The following function should search a character inside string.

A1) & takes the address of the object to its right, so &s[0] takes the address of s[0], which is identical to the value of s

A2) pc[i] is the value of the ith element of the array pc, not the value of address of ith element. In this case, given that pc is a pointer to a char, then pc[i] is equivalent to *(pc + i), so *pc[i] is the equivalent to *(*(pc+i)). Since the value of pc[i] can only be in -128...127, the value of *pc[i] is likely to cause a program crash, since, except for the case where pc[i] == 0, it is most likely that you do not "own" the address in question.
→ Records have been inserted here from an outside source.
(* Let $(\Omega,\mathcal F,Q,(\mathcal F_t)_{t=0}^T)$ be a filtered probability space, $\pi>0$, and $t\in\{0,\dots,T-1\}$. Suppose $c_t:\mathbb R\times\Omega\to\mathbb R$ is $\mathcal B(\mathbb R)\otimes\mathcal F_t$-measurable with $a\mapsto c_t(a)(\omega)$ non-decreasing and continuous, and $\alpha_{t+1}:\mathbb R\times\Omega\to[0,\pi]$ is $\mathcal B(\mathbb R)\otimes\mathcal F$-measurable with $g\mapsto\alpha_{t+1}(g)(\omega)$ non-decreasing for all $\omega\in\Omega$. Let $Q_t$ be a regular version of the $\mathcal F_t$-conditional distribution of $Q$, and let $\varepsilon_{t+1}$ be a random variable such that for each $\omega\in\Omega$ the map $\mathbb R\to[0,\pi]$, $x\mapsto\int_\Omega\alpha_{t+1}(x+\varepsilon_{t+1}(\omega'))(\omega')\,Q_t(d\omega')(\omega)$ is continuous. Then: (i) there exists a unique $\mathcal B(\mathbb R)\otimes\mathcal F_t$-measurable $[0,\pi]$-valued $\alpha_t$ satisfying $$\alpha_t(g)(\omega)=\mathbb E^Q_t\big(\alpha_{t+1}(g-c_t(\alpha_t(g))+\varepsilon_{t+1})\big)(\omega)\quad\text{for all }g\in\mathbb R\text{ and almost all }\omega\in\Omega;$$ (ii) the map $\mathbb R\to[0,\pi]$, $g\mapsto\alpha_t(g)(\omega)$, is non-decreasing and continuous for all $\omega\in\Omega$.
   Context: $\mathbb E^Q_t$ denotes conditional expectation under $Q$ given $\mathcal F_t$. *)

From HB Require Import structures.
From mathcomp Require Import all_boot all_order all_algebra.
From mathcomp Require Import all_classical all_reals all_analysis.
Set Implicit Arguments. Unset Strict Implicit. Unset Printing Implicit Defensive.
Import Order.TTheory GRing.Theory Num.Theory numFieldNormedType.Exports.
Local Open Scope classical_set_scope.
Local Open Scope ring_scope.

Section defs.
Context {d : measure_display} {Omega : measurableType d} {R : realType}.

Definition sub_sigma_algebra (G : set (set Omega)) : Prop :=
  sigma_algebra setT G /\ G `<=` measurable.

Definition is_filtration (F : nat -> set (set Omega)) (Tn : nat) : Prop :=
  (forall t, (t <= Tn)%N -> sub_sigma_algebra (F t)) /\
  (forall s t, (s <= t)%N -> (t <= Tn)%N -> F s `<=` F t).

Definition G_measurable {d' : measure_display} {Y : measurableType d'}
  (G : set (set Omega)) (f : Omega -> Y) : Prop :=
  forall B : set Y, measurable B -> G (f @^-1` B).

Definition rectangles (G : set (set Omega)) : set (set (R * Omega)) :=
  fun S => exists A B, measurable A /\ G B /\ S = A `*` B.

Definition jointly_measurable (G : set (set Omega)) (f : R -> Omega -> R) : Prop :=
  forall B : set R, measurable B ->
    <<s rectangles G >> ((fun p : R * Omega => f p.1 p.2) @^-1` B).

Definition regular_cond_distr (Q : probability Omega R) (G : set (set Omega))
    (Qt : Omega -> probability Omega R) : Prop :=
  (forall A, measurable A -> G_measurable G (fun w => fine (Qt w A) : R)) /\
  (forall A B, measurable A -> G B ->
     (Q (A `&` B) = \int[Q]_(w in B) Qt w A)%E).
(* Under the standing assumptions below, and for $x$ sufficiently large (in terms of $\epsilon$), if $|U|\geq 2$ then all elements of $A$ are even and there exists $a\in\{1,\dots,8\}$ such that for every $n\in A$: $n\equiv 2\pmod 4\iff n\equiv a\pmod 9$, and $n\equiv 0\pmod 4\iff n\equiv -a\pmod 9$.
   Context: Standing assumptions and notation: $\epsilon>0$ is fixed, $\delta_0=\frac14-\frac{2}{\pi^2}$, and $A\subseteq[1,x]\cap\mathbb{N}$ is a set with $|A|>(\delta_0+\epsilon)x$ such that $A+A=\{a+b:a,b\in A\}$ contains no squarefree integer, and $A$ is not a subset of $4\mathbb{N}$, nor of $9\mathbb{N}$, nor of $\{n\in\mathbb{N}:n\equiv 2\pmod 4\}$. For $a\in\{0,\dots,35\}$ put $\delta_a=\frac{36\cdot\#\{n\in A: n\equiv a\pmod{36}\}}{x}$. Let $U$ be the set of residues $a\bmod 36$ with $\delta_a>1-\frac{9}{\pi^2}+\epsilon/100$, let $V$ be the set of residues $a\bmod 36$ with $\delta_a>0$, and let $Q=\{0,4,8,9,12,16,18,20,24,27,28,32\}$ (the residue classes mod $36$ containing no squarefree integers). *)

From Stdlib Require Import Reals Lra Lia Arith List.
Open Scope R_scope.

Definition squarefree (n : nat) : Prop :=
  (1 <= n)%nat /\ forall d : nat, Nat.divide (d * d) n -> d = 1%nat.

Definition delta0 : R := / 4 - 2 / (PI ^ 2).

(* A is a finite set of naturals, represented as a duplicate-free list. *)
Definition count_res (A : list nat) (a : nat) : nat :=
  length (filter (fun n => Nat.eqb (n mod 36) a) A).

Definition delta (x : R) (A : list nat) (a : nat) : R :=
  36 * INR (count_res A a) / x.

Definition inU (eps x : R) (A : list nat) (a : nat) : Prop :=
  (a < 36)%nat /\ delta x A a > 1 - 9 / (PI ^ 2) + eps / 100.

From Stdlib Require Import Reals Lra Lia Arith List Bool ZArith Classical.
Import ListNotations.
Open Scope R_scope.

(* Let u be in U and b in A.  The map n |-> n + b sends the elements of A of class u mod 36
   injectively to non-squarefree integers of (b, b + x] in the class c = u + b mod 36.  If c
   is not in Q, the non-squarefree integers of c have relative density at most about
   1 - 9/pi^2 in every such interval, which delta_u > 1 - 9/pi^2 + eps/100 exceeds; hence
   u + b lies in Q for all b in A.  For two distinct u in U, and A not inside 4N, 9N or 2 + 4N, a finite check
   modulo 36 leaves only the residue patterns of the statement.

   The density of squarefree integers in a class c outside Q is obtained without Moebius
   inversion: a non-squarefree n in class c factors uniquely as q^2 s with s squarefree and q >= 2
   coprime to 6, s lying in a class determined by c and q.  So the number of non-squarefree
   n <= Z in class c is the sum over q of the number of squarefree s <= Z/q^2 in the
   corresponding classes.  Hence a density bound a for the squarefree numbers (uniform over
   the classes) yields the opposite bound 1 - a T, with T = sum 1/q^2; iterating converges to
   1/(1 + T) >= 9/pi^2, since T <= pi^2/9 - 1 by Hofbauer's proof of the Basel bound. *)

Fixpoint rsum (f : nat -> R) (n : nat) : R :=
  match n with O => 0 | S m => rsum f m + f m end.

Lemma rsum_ext f g n : (forall k, (k < n)%nat -> f k = g k) -> rsum f n = rsum g n.
Proof.
  induction n as [|n IH]; simpl; intros H; [reflexivity|].
  rewrite IH by (intros; apply H; lia). rewrite H by lia. reflexivity.
Qed.

Lemma rsum_le f g n : (forall k, (k < n)%nat -> f k <= g k) -> rsum f n <= rsum g n.
Proof.
  induction n as [|n IH]; simpl; intros H; [lra|].
  assert (rsum f n <= rsum g n) by (apply IH; intros; apply H; lia).
  assert (f n <= g n) by (apply H; lia). lra.
Qed.

Lemma rsum_plus f g n : rsum (fun k => f k + g k) n = rsum f n + rsum g n.
Proof. induction n; simpl; [lra|]. rewrite IHn. lra. Qed.

Lemma rsum_scal c f n : rsum (fun k => c * f k) n = c * rsum f n.
Proof. induction n; simpl; [lra|]. rewrite IHn. lra. Qed.

Lemma rsum_const a n : rsum (fun _ => a) n = INR n * a.
Proof. induction n; simpl rsum; [simpl; lra|]. rewrite IHn, S_INR. lra. Qed.

Lemma rsum_nonneg f n : (forall k, (k < n)%nat -> 0 <= f k) -> 0 <= rsum f n.
Proof.
  intros H. replace 0 with (rsum (fun _ => 0) n) by (rewrite rsum_const; lra).
  apply rsum_le; auto.
Qed.

Lemma rsum_app f a b : rsum f (a + b) = rsum f a + rsum (fun k => f (a + k)%nat) b.
Proof.
  induction b; simpl.
  - rewrite Nat.add_0_r. lra.
  - rewrite Nat.add_succ_r. simpl. rewrite IHb. lra.
Qed.

Lemma rsum_rev f n : rsum (fun k => f (n - 1 - k)%nat) n = rsum f n.
Proof.
  revert f; induction n as [|m IH]; intros f; [reflexivity|].
  replace (S m) with (1 + m)%nat at 1 by lia. rewrite rsum_app.
  replace (rsum (fun k => f (S m - 1 - (1 + k))%nat) m) with (rsum (fun k => f (m - 1 - k)%nat) m)
    by (apply rsum_ext; intros; f_equal; lia).
  rewrite IH. simpl. replace (m - 0 - 0)%nat with m by lia. lra.
Qed.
A3) See A2: in short pc[i] is a character, not an address

The code given suggest that you do not understand pointers very well. Most C programmers would have written this something like

char *find_char(char c, const char *s)
{
     while(*s) {
       if( *s == c )
           return s;
       s += 1;
     }
     return NULL;
}

Note that we declare s as const char *This does 2 things, 1) the complier will make sure that we don't accidentally assign a value to s, and 2) since the compiler knows that the values that s points to can't be changed, it may do some optimizations that it would not be able to do otherwise. Also, const char *s declares a pointer to const char, which means that we can move s, but not assign a value to it. If we wanted to declare a pointer that could not be moved, but we wanted to be able to change the value that it points to, that would be char * const s. Logically then, const char * const s is a const pointer to const char, i.e. we can't move the pointer, or assign a new value to what it points to.
Since we do have a pointer to a string of characters that ends in'\0', we can simply move the pointer forward until we either find the char we are interested in *s == c or we get to the end of the string *s == '\0'. I could have written while(*s != '\0') in the while loop, but I've taken advantage of the fact that in C/C++ any non-zero value is treated as true. So if the passed in array is "Hello World!", then the value of the s[0] is 'H', decimal 72, which is not zero, and so on until after the '!', when the ending character is '\0' which has the decimal value of zero.
Actually, though an experienced C programmer would probably call strchr(), which would might make use of assembler instructions that are optimized for this type of thing.